Under the Hood: Haidt Profile Divergence

The Christian and secular parameterizations diverge on specific, empirically documented dimensions. These ratios match the findings from Haidt, Graham, and Joseph (2009) on conservative-progressive moral psychology. Authority at 10x and Sanctity at 13.6x are precisely the dimensions Haidt identifies as distinguishing conservative from progressive moral cognition.

Foundation Christian Secular Ratio Visual
Care / Harm 0.80 0.47 1.7x
Fairness / Cheating 0.60 0.18 3.3x
Loyalty / Betrayal 0.75 0.19 3.9x
Authority / Subversion 0.90 0.09 10.0x
Sanctity / Degradation 0.95 0.07 13.6x
Liberty / Oppression 0.45 0.00* --

*Liberty is 0.00 in the secular profile because Social Chemistry 101 does not label this dimension.
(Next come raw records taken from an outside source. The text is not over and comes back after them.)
Record Cat := {
  ob :> Type;
  hom : ob -> ob -> Type;
  idm : forall a, hom a a;
  comp : forall a b c, hom a b -> hom b c -> hom a c;
  comp_idl : forall a b (f : hom a b), comp (idm a) f = f;
  comp_idr : forall a b (f : hom a b), comp f (idm b) = f;
  comp_assoc : forall a b c d (f : hom a b) (g : hom b c) (h : hom c d),
      comp (comp f g) h = comp f (comp g h)
}.
Arguments hom {_} _ _.
Arguments idm {_} _.
Arguments comp {_ _ _ _} _ _.
Notation "f ;; g" := (comp f g) (at level 40, left associativity).

Definition eqhom (C : Cat) (a b : C) (e : a = b) : hom a b :=
  match e in _ = b' return hom a b' with eq_refl => idm a end.
Arguments eqhom {C a b} e.

Record MonCat := {
  mcat :> Cat;
  ten : mcat -> mcat -> mcat;
  tenm : forall a b c d : mcat, hom a b -> hom c d -> hom (ten a c) (ten b d);
  tunit : mcat;
  tenm_id : forall a b : mcat, tenm (idm a) (idm b) = idm (ten a b);
  tenm_comp : forall (a1 b1 c1 a2 b2 c2 : mcat) (f1 : hom a1 b1) (g1 : hom b1 c1)
      (f2 : hom a2 b2) (g2 : hom b2 c2),
      tenm (f1 ;; g1) (f2 ;; g2) = tenm f1 f2 ;; tenm g1 g2;
  assoc : forall a b c : mcat, hom (ten (ten a b) c) (ten a (ten b c));
  assoc_inv : forall a b c : mcat, hom (ten a (ten b c)) (ten (ten a b) c);
  assoc_iso1 : forall a b c, assoc a b c ;; assoc_inv a b c = idm _;
  assoc_iso2 : forall a b c, assoc_inv a b c ;; assoc a b c = idm _;
  assoc_nat : forall (a a' b b' c c' : mcat) (f : hom a a') (g : hom b b') (h : hom c c'),
      tenm (tenm f g) h ;; assoc a' b' c' = assoc a b c ;; tenm f (tenm g h);
  lunit : forall a : mcat, hom (ten tunit a) a;
  lunit_inv : forall a : mcat, hom a (ten tunit a);
  lunit_iso1 : forall a, lunit a ;; lunit_inv a = idm _;
  lunit_iso2 : forall a, lunit_inv a ;; lunit a = idm _;
  lunit_nat : forall (a a' : mcat) (f : hom a a'),
      tenm (idm tunit) f ;; lunit a' = lunit a ;; f;
  runit : forall a : mcat, hom (ten a tunit) a;
  runit_inv : forall a : mcat, hom a (ten a tunit);
  runit_iso1 : forall a, runit a ;; runit_inv a = idm _;
  runit_iso2 : forall a, runit_inv a ;; runit a = idm _;
  runit_nat : forall (a a' : mcat) (f : hom a a'),
      tenm f (idm tunit) ;; runit a' = runit a ;; f;
  pentagon : forall a b c d : mcat,
      tenm (assoc a b c) (idm d) ;; assoc a (ten b c) d ;; tenm (idm a) (assoc b c d)
      = assoc (ten a b) c d ;; assoc a b (ten c d);
  triangle : forall a b : mcat,
      assoc a tunit b ;; tenm (idm a) (lunit b) = tenm (runit a) (idm b)
}.
Arguments ten {_} _ _.
Arguments tenm {_ _ _ _ _} _ _.
Arguments assoc {_} _ _ _.
Arguments lunit {_} _.
Arguments runit {_} _.

Record SMFunctor (C D : MonCat) := {
  fob : C -> D;
  fmap : forall a b : C, hom a b -> hom (fob a) (fob b);
  fmap_id : forall a, fmap (idm a) = idm (fob a);
  fmap_comp : forall (a b c : C) (f : hom a b) (g : hom b c),
      fmap (f ;; g) = fmap f ;; fmap g;
  ften : forall a b : C, fob (ten a b) = ten (fob a) (fob b);
  funit : fob (tunit C) = tunit D;
  fmap_ten : forall (a b c d : C) (f : hom a b) (g : hom c d),
      fmap (tenm f g) ;; eqhom (ften b d) = eqhom (ften a c) ;; tenm (fmap f) (fmap g);
  fmap_assoc : forall a b c : C,
      fmap (assoc a b c) ;; eqhom (ften a (ten b c)) ;; tenm (idm (fob a)) (eqhom (ften b c))
      = eqhom (ften (ten a b) c) ;; tenm (eqhom (ften a b)) (idm (fob c))
        ;; assoc (fob a) (fob b) (fob c);
  fmap_lunit : forall a : C,
      fmap (lunit a) = eqhom (ften (tunit C) a) ;; tenm (eqhom funit) (idm (fob a)) ;; lunit (fob a);
  fmap_runit : forall a : C,
      fmap (runit a) = eqhom (ften a (tunit C)) ;; tenm (idm (fob a)) (eqhom funit) ;; runit (fob a)
}.
Arguments fmap {_ _} _ {_ _} _.

Record Monoid (T : MonCat) := {
  mW : T;
  mmul : hom (ten mW mW) mW;
  munit : hom (tunit T) mW;
  mon_assoc : tenm mmul (idm mW) ;; mmul = assoc mW mW mW ;; tenm (idm mW) mmul ;; mmul;
  mon_lunit : tenm munit (idm mW) ;; mmul = lunit mW;
  mon_runit : tenm (idm mW) munit ;; mmul = runit mW
}.

Definition bijective (X Y : Type) (f : X -> Y) : Prop :=
  exists g : Y -> X, (forall x, g (f x) = x) /\ (forall y, f (g y) = y).

Section Refinement.
Context {D T : MonCat} (t : SMFunctor D T).

(* P ⊏ A is encoded by an equality  eP : fob t P = A .
   A derivation of P =>_c Q (P ⊏ A, Q ⊏ B, c : A -> B) is a morphism
   alpha : P -> Q with t(alpha) = c (modulo the object equalities). *)
Definition Deriv (P Q : D) (A B : T) (eP : fob t P = A) (eQ : fob t Q = B) (c : hom A B) :=
  {alpha : hom P Q | fmap t alpha ;; eqhom eQ = eqhom eP ;; c}.

Definition is_pushforward (P : D) (A B : T) (eP : fob t P = A) (c : hom A B)
    (R : D) (eR : fob t R = B) (kappa : hom P R) : Prop :=
  fmap t kappa ;; eqhom eR = eqhom eP ;; c /\
  forall (Q : D) (Y : T) (eQ : fob t Q = Y) (d : hom B Y) (gam : hom P Q),
    fmap t gam ;; eqhom eQ = eqhom eP ;; (c ;; d) ->
    exists! beta : hom R Q,
      fmap t beta ;; eqhom eQ = eqhom eR ;; d /\ gam = kappa ;; beta.

Definition ten_over (P Q : D) (A B : T) (eP : fob t P = A) (eQ : fob t Q = B)
  : fob t (ten P Q) = ten A B :=
  eq_trans (ften t P Q) (f_equal2 ten eP eQ).

Definition enough_pushforwards : Prop :=
  forall (P Q : D) (A B C : T) (eP : fob t P = A) (eQ : fob t Q = B) (p : hom (ten A B) C),
  exists (R : D) (eR : fob t R = C) (kappa : hom (ten P Q) R),
    is_pushforward (ten_over eP eQ) p eR kappa.

Record jdg_ob := Jdg { jP : D; jR : D; jc : hom (fob t jP) (fob t jR) }.
Definition jdg_hom (j1 j2 : jdg_ob) :=
  {bg : hom (jP j1) (jP j2) * hom (jR j2) (jR j1) |
     jc j1 = fmap t (fst bg) ;; jc j2 ;; fmap t (snd bg)}.
Definition Der (j : jdg_ob) := {alpha : hom (jP j) (jR j) | fmap t alpha = jc j}.

Lemma der_act_proof (j1 j2 : jdg_ob) (m : jdg_hom j1 j2) (a : Der j2) :
  fmap t (fst (proj1_sig m) ;; proj1_sig a ;; snd (proj1_sig m)) = jc j1.
Proof.
  destruct m as [[b g] Hm]; destruct a as [a Ha]; simpl in *.
  rewrite !fmap_comp, Ha; symmetry; exact Hm.
Qed.

Definition der_act (j1 j2 : jdg_ob) (m : jdg_hom j1 j2) (a : Der j2) : Der j1 :=
  exist _ (fst (proj1_sig m) ;; proj1_sig a ;; snd (proj1_sig m)) (der_act_proof m a).

Lemma der_eq (j : jdg_ob) (a b : Der j) : proj1_sig a = proj1_sig b -> a = b.
Proof.
  destruct a, b; simpl; intros ->; f_equal; apply proof_irrelevance.
Qed.

Section Plus.
Context (B : T).

(* objects of B^+ : (P, c) with P ⊏ X, c : X -> B  (X is necessarily t P) *)
Record plus_ob := PlusOb { pP : D; pc : hom (fob t pP) B }.
Definition plus_hom (x y : plus_ob) :=
  {alpha : hom (pP x) (pP y) | pc x = fmap t alpha ;; pc y}.
(* Every vertex is next to a used hub, and two used hubs are joined
   through a leaf adjacent to both. *)
Lemma tree_of_connected :
  ((exists w, (ord0, w) \in s) -> (exists w, (ord_max, w) \in s) -> exists w, both_hubs w) ->
  connectedF (tree_of s).
Proof.
move=> join x y; rewrite /connectedF (eq_connect (frel_tree_of s)).
have c_sym := sym_connect_sym (@tree_adj_sym t s).
have to_hub v : v \in verts (tree_of s) ->
    exists2 h, connect (tree_adj s) v (inl h) & exists w, (h, w) \in s.
  case/verts_tree_ofP=> u; case: v u => [h|w] [h'|w'] //= hw.
    by exists h => //; exists w'.
  by exists h'; [apply: connect1 | exists w].
have hubs h h' : (exists w, (h, w) \in s) -> (exists w, (h', w) \in s) ->
    connect (tree_adj s) (inl h) (inl h').
  move=> used used'; case: (eqVneq h h') => [-> //|hh'].
  have [w /andP[w0 w1]] : exists w, both_hubs w.
    by move: used used' hh'; case: (I2_cases h) => ->; case: (I2_cases h') => -> //; auto.
  have c01 : connect (tree_adj s) (inl ord0) (inl ord_max).
    by apply: (connect_trans (y := inr w)); apply: connect1.
  move: hh'; case: (I2_cases h) => ->; case: (I2_cases h') => -> //= _.
  by rewrite c_sym.
move=> /to_hub[h xh used] /to_hub[h' yh' used'].
by apply: connect_trans xh (connect_trans (hubs _ _ used used') _); rewrite c_sym.
Qed.

Definition tree_shaped :=
  (forall w w', both_hubs w -> both_hubs w' -> w = w') /\
  ((exists w, (ord0, w) \in s) -> (exists w, (ord_max, w) \in s) -> exists w, both_hubs w).

Lemma tree_of_subtree : tree_shaped -> is_subtree (@K2t_adj t) (tree_of s).
Proof.
move=> [both_uniq join]; split; last split.
- by move=> _ /imsetP[[h w] _ ->]; exists (inl h), (inr w).
- exact: tree_of_connected.
- exact: tree_of_acyclic.
Qed.
End TreeOf.

Lemma uniq_map_inj (T1 T2 : eqType) (f : T1 -> T2) (s : seq T1) :
  uniq (map f s) -> {in s &, injective f}.
Proof.
elim: s => //= a s IH /andP[fa_s us] x y; rewrite !inE.
move=> /predU1P[->|xs] /predU1P[->|ys] //= fxy.
- by move: fa_s; rewrite fxy map_f.
- by move: fa_s; rewrite -fxy map_f.
- exact: IH.
Qed.

Lemma single_hub_shaped t (s : seq ('I_2 * 'I_t)) h :
  {in s, forall p, p.1 = h} -> tree_shaped s.
Proof.
move=> hub_h; suff two_hubs w w' : (ord0, w) \in s -> (ord_max, w') \in s -> False.
  by split=> [w w' /andP[/two_hubs no /no] | [w /two_hubs no] [w' /no]].
by move=> /hub_h /= h0 /hub_h /=; rewrite -h0 => /(congr1 val).
Qed.

Definition spine t (q : seq ('I_2 * 'I_t)) (x : 'I_t) := q ++ [:: (ord0, x); (ord_max, x)].

Lemma mem_spine t (q : seq ('I_2 * 'I_t)) x h : (h, x) \in spine q x.
Proof. by rewrite mem_cat; case: (I2_cases h) => ->; rewrite !inE eqxx ?orbT. Qed.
Christian liberty (0.45) is constrained by love (Galatians 5:13).

175K
Social Chem Entries
178K
Norm Bank Entries
6
Haidt Dimensions
5
Perturbation Families
3
Parameterizations

Every existing approach to AI moral reasoning does one of two things: it either classifies actions as good or bad (Delphi, Norm Bank), or it scores reasoning processes against a fixed rubric (MoReBench). Both treat morality as flat -- the same checklist for a devout Christian, a secular utilitarian, and a Confucian filial-piety adherent. MHF does something none of them do: it takes the user's own moral hierarchy as a parameter, builds a relational graph of everyone affected by the decision, propagates constraints from the top down while evidence flows from the bottom up, and produces a prescriptive judgment that says "because of X, you should do Y, and here is what you lose by choosing it." It does not claim moral truth. It claims moral structure -- and structure is what you need when the easy answers run out and every path has a cost.